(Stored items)
Start of Block

(* The quotient map $\pi\colon\Pi_*\to\Pi_*/\mathbb{R}_+$ is a principal $\mathbb{R}_+$-bundle. That is, the $\mathbb{R}_+$-action on $\Pi_*$ is free, and whenever $\mathcal{P}_n\in\Pi_*$, $t_n\in\mathbb{R}_+$, $\mathcal{P}_n\to\mathcal{P}\in\Pi_*$ and $t_n\mathcal{P}_n\to t\mathcal{P}$ weakly, we have $t_n\to t$.
   Context: mm-spaces are triples $(X,d_X,\mu_X)$ with $(X,d_X)$ complete separable metric and $\mu_X$ a Borel probability measure, with $X=\operatorname{supp}\mu_X$. $\mathcal{X}$ is the set of their isomorphism classes under measure-preserving isometries of supports. Box distance: $\square(X,Y)$ is the infimum of $\varepsilon\ge0$ such that there exist Borel maps $\varphi,\psi$ from $[0,1)$ pushing Lebesgue measure to $\mu_X,\mu_Y$ and a Borel $I_0$ of measure $\ge1-\varepsilon$ with $|d_X(\varphi(s),\varphi(t))-d_Y(\psi(s),\psi(t))|\le\varepsilon$ on $I_0$. $Y\prec X$ means there is a 1-Lipschitz $f\colon X\to Y$ with $f_*\mu_X=\mu_Y$. A pyramid is a nonempty $\square$-closed subset of $\mathcal{X}$ that is downward closed under $\prec$ and such that any two elements are dominated by a common element. $\Pi$ is the set of pyramids. Weak convergence: $\mathcal{P}_n\to\mathcal{P}$ iff $\square(X,\mathcal{P}_n)\to0$ for $X\in\mathcal{P}$ and $\liminf\square(X,\mathcal{P}_n)>0$ for $X\notin\mathcal{P}$. $\mathbb{R}_+$ acts on $\Pi$ by $t\mathcal{P}=\{(X,t\,d_X,\mu_X):X\in\mathcal{P}\}$. $\Pi_*=\Pi\setminus\mathrm{Fix}(\Pi)$, with the quotient topology on $\Pi_*/\mathbb{R}_+$. A free action with quotient map $\pi$ is a principal $\mathbb{R}_+$-bundle if the translation function $\tau(e,e')$, defined for $\pi(e)=\pi(e')$ by $e'=\tau(e,e')e$, is continuous. *)

From HB Require Import structures.
From mathcomp Require Import all_boot all_order all_algebra.
From mathcomp Require Import all_classical all_reals all_analysis.
From mathcomp Require Import Rstruct Rstruct_topology.
Set Implicit Arguments. Unset Strict Implicit. Unset Printing Implicit Defensive.
Import Order.TTheory GRing.Theory Num.Theory.
Local Open Scope classical_set_scope.
Local Open Scope ring_scope.

Notation RR := Rdefinitions.R.

Definition is_metric (T : Type) (d : T -> T -> RR) : Prop :=
  (forall x y, 0 <= d x y) /\ (forall x y, d x y = 0 <-> x = y) /\
  (forall x y, d x y = d y x) /\ (forall x y z, d x z <= d x y + d y z).

Definition dball (T : Type) (d : T -> T -> RR) (x : T) (r : RR) : set T :=
  [set y | d x y < r].

Definition d_open (T : Type) (d : T -> T -> RR) (U : set T) : Prop :=
  forall x, U x -> exists2 r : RR, 0 < r & dball d x r `<=` U.

Definition borel (T : Type) (d : T -> T -> RR) : set (set T) :=
  <<s d_open d >>.

Definition d_complete (T : Type) (d : T -> T -> RR) : Prop :=
  forall u : nat -> T,
    (forall e : RR, 0 < e -> exists N, forall m n, (N <= m)%N -> (N <= n)%N ->
        d (u m) (u n) < e) ->
    exists x, forall e : RR, 0 < e -> exists N, forall n, (N <= n)%N -> d (u n) x < e.

Definition d_separable (T : Type) (d : T -> T -> RR) : Prop :=
  exists u : nat -> T, forall x (e : RR), 0 < e -> exists n, d x (u n) < e.

Definition borel_probability (T : Type) (d : T -> T -> RR) (mu : set T -> \bar RR)
  : Prop :=
  mu set0 = 0%E /\ mu setT = 1%E /\
  (forall A, borel d A -> (0 <= mu A)%E) /\
  (forall F : nat -> set T, (forall n, borel d (F n)) -> trivIset setT F ->
     (fun n => \sum_(0 <= i < n) mu (F i))%E @ \oo --> mu (\bigcup_n F n)).

(* X = supp mu_X : every open ball of positive radius has positive measure *)
Definition full_support (T : Type) (d : T -> T -> RR) (mu : set T -> \bar RR) : Prop :=
  forall x (r : RR), 0 < r -> (0 < mu (dball d x r))%E.

Record mmspace := MMSpace {
  mm_T :> Type;
  mm_d : mm_T -> mm_T -> RR;
  mm_mu : set mm_T -> \bar RR;
  mm_metric : is_metric mm_d;
  mm_complete : d_complete mm_d;
  mm_separable : d_separable mm_d;
  mm_prob : borel_probability mm_d mm_mu;
  mm_supp : full_support mm_d mm_mu
}.
Arguments mm_d : clear implicits.
Arguments mm_mu : clear implicits.

Definition pushes (X Y : mmspace) (f : X -> Y) : Prop :=
  forall A, borel (mm_d Y) A -> mm_mu X (f @^-1` A) = mm_mu Y A.

(* Z is isomorphic to t X (X with metric t d_X), via a measure-preserving
   surjective isometry; for t = 1 this is mm-isomorphism. *)
Definition scaled_iso (t : RR) (X Z : mmspace) : Prop :=
  exists f : X -> Z, (forall x y, mm_d Z (f x) (f y) = t * mm_d X x y) /\
    (forall z, exists x, f x = z) /\ pushes f.

Definition I01 : set RR := `[0, 1[%classic.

End of Block

What you should do: Lines containing the word "mathcomp" are to be located in the entries and copied.

Solved exercise:
From mathcomp Require Import all_boot all_order all_algebra.
From mathcomp Require Import all_classical all_reals all_analysis.
From mathcomp Require Import Rstruct Rstruct_topology.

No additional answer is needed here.